Mon Jan 23 22:42:32 UTC 2012

-----Original Message-----
From: James Carlson [mailto:carlsonj at workingcode.com] 

> It has a lot of tunables.  First, there are the ones documented in
> /kernel/drv/igb.conf.  Of those, perhaps the most interesting is
> flow_control.  It looks like the hardware acceleration ones here are the
> queuing-related ones, but they appear to be disabled by default.

> Then there are ones that can be controlled via igb.conf but that aren't
> advertised in the default file that ships.  These include:

Looks like I was dupe'd by Sun's documentation. 
http://docs.oracle.com/cd/E19082-01/819-2724/giozx/index.html

it only outlines mr_enable & intr_force, 

> Have you tried isolating other components?  Is the behavior the same on
> all switch ports?  Does it differ if you're connected to a different
> brand of switch?

So I have four servers performing this particular role.
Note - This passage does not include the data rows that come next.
Lemma dir_coneD d1 d2 : dir_cone d1 -> dir_cone d2 -> dir_cone (d1 + d2).
Proof.
case: xbF => Kxb _ [x1 Kx1 [t1 t1_0 ->]] [x2 Kx2 [t2 t2_0 ->]].
have [t12|t12] := eqVneq (t1 + t2) 0.
  have [-> ->] : t1 = 0 /\ t2 = 0 by lra.
  by exists xb => //; exists 0; rewrite // !scale0r addr0.
have t_gt0 : 0 < t1 + t2 by rewrite lt_def t12 addr_ge0.
exists ((t1 / (t1 + t2)) *: x1 + (1 - t1 / (t1 + t2)) *: x2).
  by apply: Kv; rewrite ?divr_ge0 ?addr_ge0 // ler_pdivrMr // mul1r lerDl.
exists (t1 + t2); first exact: ltW.
by apply/rowP => i; rewrite !mxE; field; rewrite gt_eqF.
Qed.

Lemma dir_coneZ d (t : R) : dir_cone d -> 0 <= t -> dir_cone (t *: d).
Proof.
move=> [x Kx [s s0 ->]] t0; exists x => //; exists (t * s); first exact: mulr_ge0.
by rewrite scalerA.
Qed.

Lemma dir_cone_kermx_cover : (exists x0, CP x0 /\ interior K x0) ->
  forall z, exists2 p, (p <= kermx A)%MS & dir_cone (z + p).
Proof.
case: xbF => _ xbA [x0 [[_ x0A] [e e0 ballK]]] z.
have [t [t0 _] tz] := exists_small_multiple z e0.
have Kx0z : K (x0 + t *: z) by apply: ballK; rewrite /in_ball addrC addKr.
exists (t^-1 *: (x0 - xb)).
  by rewrite sub_kermx -scalemxAl mulmxBl x0A xbA subrr scaler0.
exists (x0 + t *: z) => //; exists t^-1; first by rewrite invr_ge0 ltW.
by apply/rowP => i; rewrite !mxE; field; rewrite gt_eqF.
Qed.

Lemma slack_of_normal_cone c : (exists x0, CP x0 /\ interior K x0) ->
  normal_cone CP xb c -> exists y, compl_slack K xb (y *m A^T - c).
Proof.
case: xbF => Kxb xbA slater Nc.
have c_dir_ker d : dir_cone d -> (d <= kermx A)%MS -> pair c d <= 0.
  move=> [x Kx [t t0 ->]]; rewrite sub_kermx -scalemxAl scaler_eq0.
  case/orP => [/eqP->|]; first by rewrite scale0r pair0r.
  rewrite mulmxBl subr_eq0 xbA => /eqP xA.
  by rewrite pairZr pairBr; have := Nc x (conj Kx xA); nra.
have [g [g_dir g_ker]] := cone_functional_extension dir_coneD dir_coneZ
  (dir_cone_kermx_cover slater) c_dir_ker.
have /submxP [y yE] : (c - g <= A^T)%MS.
  by apply: orth_kermx_sub_tr => x xA; rewrite pairBl g_ker // subrr.
have gxb : pair g xb = 0.
  have := g_dir (- xb); have := g_dir xb; rewrite pairNr.
  have dxb : dir_cone xb.
    by exists (xb + xb); [exact: convex_cone_addr | exists 1; rewrite // scale1r addrK].
  have dnxb : dir_cone (- xb).
    by exists 0; [exact: Kc.1 | exists 1; rewrite // scale1r sub0r].
  by move=> /(_ dxb) + /(_ dnxb); lra.
exists y; rewrite -yE addrAC subrr add0r; split; last by rewrite pairNl gxb oppr0.
move=> x Kx; rewrite pairNl oppr_ge0.
have : pair g (x - xb) <= 0 by apply: g_dir; exists x => //; exists 1; rewrite ?scale1r.
by rewrite pairBr gxb subr0.
Qed.

Lemma normal_coneP c : (exists x0, CP x0 /\ interior K x0) ->
  normal_cone CP xb c <-> exists y, compl_slack K xb (y *m A^T - c).
Proof.
move=> slater; split; first exact: slack_of_normal_cone.
by move=> [y /(normal_cone_of_slack y)]; rewrite opprB addrC subrK.
Qed.

Lemma relint_normal_cone_of_strict_compl c : (exists x0, CP x0 /\ interior K x0) ->
  (exists sb, dual_feas K A c sb /\ strictly_complementary K xb sb) ->
  relint (normal_cone CP xb) c.
Proof.
move=> slater [sb [[_ [yb sbE]] [F [[FK _ _] rF rsb]]]].
have slackF s : conj_face K F s <-> compl_slack K xb s := conj_faceP s FK rF.
have cE : c = yb *m A^T - sb by rewrite sbE opprB addrC subrK.
apply: relint_of_extend; first exact: normal_cone_convex.
  by rewrite cE; apply/normal_cone_of_slack/slackF; exact: rsb.1.
move=> c' /(normal_coneP _ slater) [y' /slackF Fs'].
have [e e0 /slackF Fe] := relint_extend rsb Fs'.
exists e => //; have := normal_cone_of_slack (yb + e *: (yb - y')) Fe.
rewrite mulmxDl -scalemxAl mulmxBl cE.
by congr normal_cone; apply/rowP => i; rewrite !mxE; ring.
Qed.

Lemma strict_compl_of_relint_normal_cone c : (exists x0, CP x0 /\ interior K x0) ->
  relint (normal_cone CP xb) c ->
  exists sb, dual_feas K A c sb /\ strictly_complementary K xb sb.
Proof.
move=> slater rc; have Kxb := xbF.1.
have faceF := minimal_face_face Kc Kv Kxb; have [FK _ _] := faceF.
have rF := minimal_face_relint Kv Kxb; have slackF s := conj_faceP s FK rF.
have [s0 rs0] := exists_relint_cone (conj_face0 K (minimal_face K xb))
  (fun _ _ => @conj_faceD _ _ _ _ _ _) (fun _ _ => @conj_faceZ _ _ _ _ _ _).
have Ns0 : normal_cone CP xb (- s0).
  by have := normal_cone_of_slack 0 (proj1 (slackF _) rs0.1); rewrite mul0mx sub0r.
have [e e0 /(normal_coneP _ slater) [y Fs]] := relint_extend rc Ns0.
set s := y *m A^T - _ in Fs; move/slackF: Fs => Fs.
set l := e / (1 + e).
have l0 : 0 < l by rewrite divr_gt0 //; lra.
have l1 : l <= 1 by rewrite ler_pdivrMr; lra.
have rsb := relint_convex_comb (@conj_face_convex _ _ K _) rs0 Fs l0 l1.
(* [c] is the convex combination of [-s0] and [c + e (c + s0)] with weights [l], [1 - l] *)
exists (l *: s0 + (1 - l) *: s); split; last by exists (minimal_face K xb).
split; first by case: rsb => -[].
exists ((1 + e)^-1 *: y); rewrite -scalemxAl /s /l.
by apply/rowP => i; rewrite !mxE; field; rewrite gt_eqF //; lra.
Qed.

End ConicProgram.

Unset Implicit Arguments. Set Strict Implicit.

Theorem proposition4p1 (R : realType) (n m : nat) (K : 'rV[R]_n -> Prop)
    (A : 'M[R]_(n, m)) (c : 'rV[R]_n) (b : 'rV[R]_m) :
  is_cone K -> convex_set K -> closed_set K -> pointed K ->
  (exists x, interior K x) ->
  (exists x, primal_feas K A b x /\ interior K x) ->
  forall xb : 'rV[R]_n, primal_feas K A b xb ->
  ((exists sb : 'rV[R]_n, dual_feas K A c sb /\ strictly_complementary K xb sb)
   <-> relint (normal_cone (primal_feas K A b) xb) c).
Proof.
move=> Kc Kv _ _ _ slater xb xbF; split.
  exact: relint_normal_cone_of_strict_compl.
exact: strict_compl_of_relint_normal_cone.
Qed.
Three of them,
slowly and quietly march to their death. One, marches to its death but
periodically gets a 'reset'  where http response time suddenly drops and the
"clock" on the march to death starts over.

Yesterday, the 'resets' started happening on a second box.

I current switch is a Junper EX4200 configured as a virtual switch with
reasonable size stack chassis configured as line cards. It seems to work
just dandy for the other systems connected to it. I haven't tried another
switch yet, but there are no link related issues being reported on either
side. I have used this configuration before with e1000 based nics on
OSOL2009.6 and OI148.

> Is there anything special going on here?  For example, do you have
> standard IEEE link negotiation turned off -- forcing duplex or link speed?

Nothing particularly special. The gigE spec says to leave those in autoneg,
and they are in autoneg. Autoneg appears to work as advertised.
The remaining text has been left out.